(Saved entries)
[Start of Attachment]
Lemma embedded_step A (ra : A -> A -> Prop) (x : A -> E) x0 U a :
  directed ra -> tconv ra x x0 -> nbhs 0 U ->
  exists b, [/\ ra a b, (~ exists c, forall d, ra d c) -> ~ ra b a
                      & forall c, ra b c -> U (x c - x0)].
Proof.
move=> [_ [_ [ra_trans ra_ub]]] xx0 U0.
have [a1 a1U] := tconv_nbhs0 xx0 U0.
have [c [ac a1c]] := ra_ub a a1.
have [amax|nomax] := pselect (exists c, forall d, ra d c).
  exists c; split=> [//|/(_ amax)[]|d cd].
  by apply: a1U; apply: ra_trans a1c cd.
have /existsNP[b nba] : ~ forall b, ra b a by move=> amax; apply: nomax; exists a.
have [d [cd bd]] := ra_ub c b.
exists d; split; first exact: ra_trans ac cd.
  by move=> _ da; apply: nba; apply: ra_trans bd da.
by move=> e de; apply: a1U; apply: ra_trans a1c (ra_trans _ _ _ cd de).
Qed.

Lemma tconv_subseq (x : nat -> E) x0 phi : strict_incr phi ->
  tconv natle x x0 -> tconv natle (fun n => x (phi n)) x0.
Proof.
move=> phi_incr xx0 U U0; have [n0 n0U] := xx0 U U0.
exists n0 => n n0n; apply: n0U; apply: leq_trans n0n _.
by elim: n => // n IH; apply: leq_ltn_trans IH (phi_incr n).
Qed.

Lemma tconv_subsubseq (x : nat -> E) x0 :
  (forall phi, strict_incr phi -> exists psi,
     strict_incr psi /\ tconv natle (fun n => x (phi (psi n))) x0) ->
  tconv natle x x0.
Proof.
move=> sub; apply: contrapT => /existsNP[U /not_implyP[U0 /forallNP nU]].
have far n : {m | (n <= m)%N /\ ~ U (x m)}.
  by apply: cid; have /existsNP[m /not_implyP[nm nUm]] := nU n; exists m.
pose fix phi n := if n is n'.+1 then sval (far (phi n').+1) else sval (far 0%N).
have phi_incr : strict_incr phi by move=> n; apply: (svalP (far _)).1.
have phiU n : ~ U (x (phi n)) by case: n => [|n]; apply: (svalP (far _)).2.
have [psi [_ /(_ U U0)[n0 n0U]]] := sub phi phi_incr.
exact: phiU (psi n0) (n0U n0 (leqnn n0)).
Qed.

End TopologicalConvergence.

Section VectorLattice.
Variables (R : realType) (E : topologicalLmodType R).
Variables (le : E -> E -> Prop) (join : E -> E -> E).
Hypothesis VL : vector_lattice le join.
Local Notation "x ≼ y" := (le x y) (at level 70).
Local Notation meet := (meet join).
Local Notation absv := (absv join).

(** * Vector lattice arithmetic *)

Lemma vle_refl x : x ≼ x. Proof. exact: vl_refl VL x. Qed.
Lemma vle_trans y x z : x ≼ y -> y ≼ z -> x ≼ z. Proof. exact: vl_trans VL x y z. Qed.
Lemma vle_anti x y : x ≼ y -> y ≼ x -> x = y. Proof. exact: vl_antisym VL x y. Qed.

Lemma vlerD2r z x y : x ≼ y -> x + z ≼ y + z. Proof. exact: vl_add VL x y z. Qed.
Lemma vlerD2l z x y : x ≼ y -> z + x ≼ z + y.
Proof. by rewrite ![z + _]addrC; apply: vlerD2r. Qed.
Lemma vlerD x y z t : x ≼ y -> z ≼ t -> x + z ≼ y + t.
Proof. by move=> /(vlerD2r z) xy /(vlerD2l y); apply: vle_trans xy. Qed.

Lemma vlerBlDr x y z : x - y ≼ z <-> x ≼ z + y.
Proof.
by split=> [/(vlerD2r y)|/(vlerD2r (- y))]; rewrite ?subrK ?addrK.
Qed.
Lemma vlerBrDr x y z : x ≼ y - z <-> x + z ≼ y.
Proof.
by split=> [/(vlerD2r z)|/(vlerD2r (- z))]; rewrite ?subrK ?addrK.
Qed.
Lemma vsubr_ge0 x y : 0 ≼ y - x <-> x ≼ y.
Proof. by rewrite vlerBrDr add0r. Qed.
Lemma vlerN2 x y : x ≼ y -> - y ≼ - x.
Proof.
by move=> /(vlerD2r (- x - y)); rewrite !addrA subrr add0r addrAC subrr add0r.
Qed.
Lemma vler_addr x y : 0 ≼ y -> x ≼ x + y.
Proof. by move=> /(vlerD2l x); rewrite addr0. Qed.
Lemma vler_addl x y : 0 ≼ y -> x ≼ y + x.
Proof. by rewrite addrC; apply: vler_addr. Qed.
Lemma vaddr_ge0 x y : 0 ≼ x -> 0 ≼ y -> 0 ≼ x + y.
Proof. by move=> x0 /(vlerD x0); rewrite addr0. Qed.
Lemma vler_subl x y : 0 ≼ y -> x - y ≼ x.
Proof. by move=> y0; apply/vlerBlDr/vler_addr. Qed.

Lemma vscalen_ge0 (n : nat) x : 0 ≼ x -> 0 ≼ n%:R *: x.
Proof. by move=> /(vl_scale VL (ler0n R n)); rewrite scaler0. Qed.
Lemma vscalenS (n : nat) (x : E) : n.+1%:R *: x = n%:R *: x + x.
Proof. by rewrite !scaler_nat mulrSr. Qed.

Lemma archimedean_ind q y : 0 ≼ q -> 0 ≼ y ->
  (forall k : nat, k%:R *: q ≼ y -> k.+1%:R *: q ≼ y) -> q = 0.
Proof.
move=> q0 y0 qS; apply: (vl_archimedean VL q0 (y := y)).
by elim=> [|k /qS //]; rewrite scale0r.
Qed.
[End of Attachment]
### Work instruction
Whenever the string "nomax" occurs in a line of the entries above, copy that line.

### Answer to this exercise
have [amax|nomax] := pselect (exists c, forall d, ra d c).
have /existsNP[b nba] : ~ forall b, ra b a by move=> amax; apply: nomax; exists a.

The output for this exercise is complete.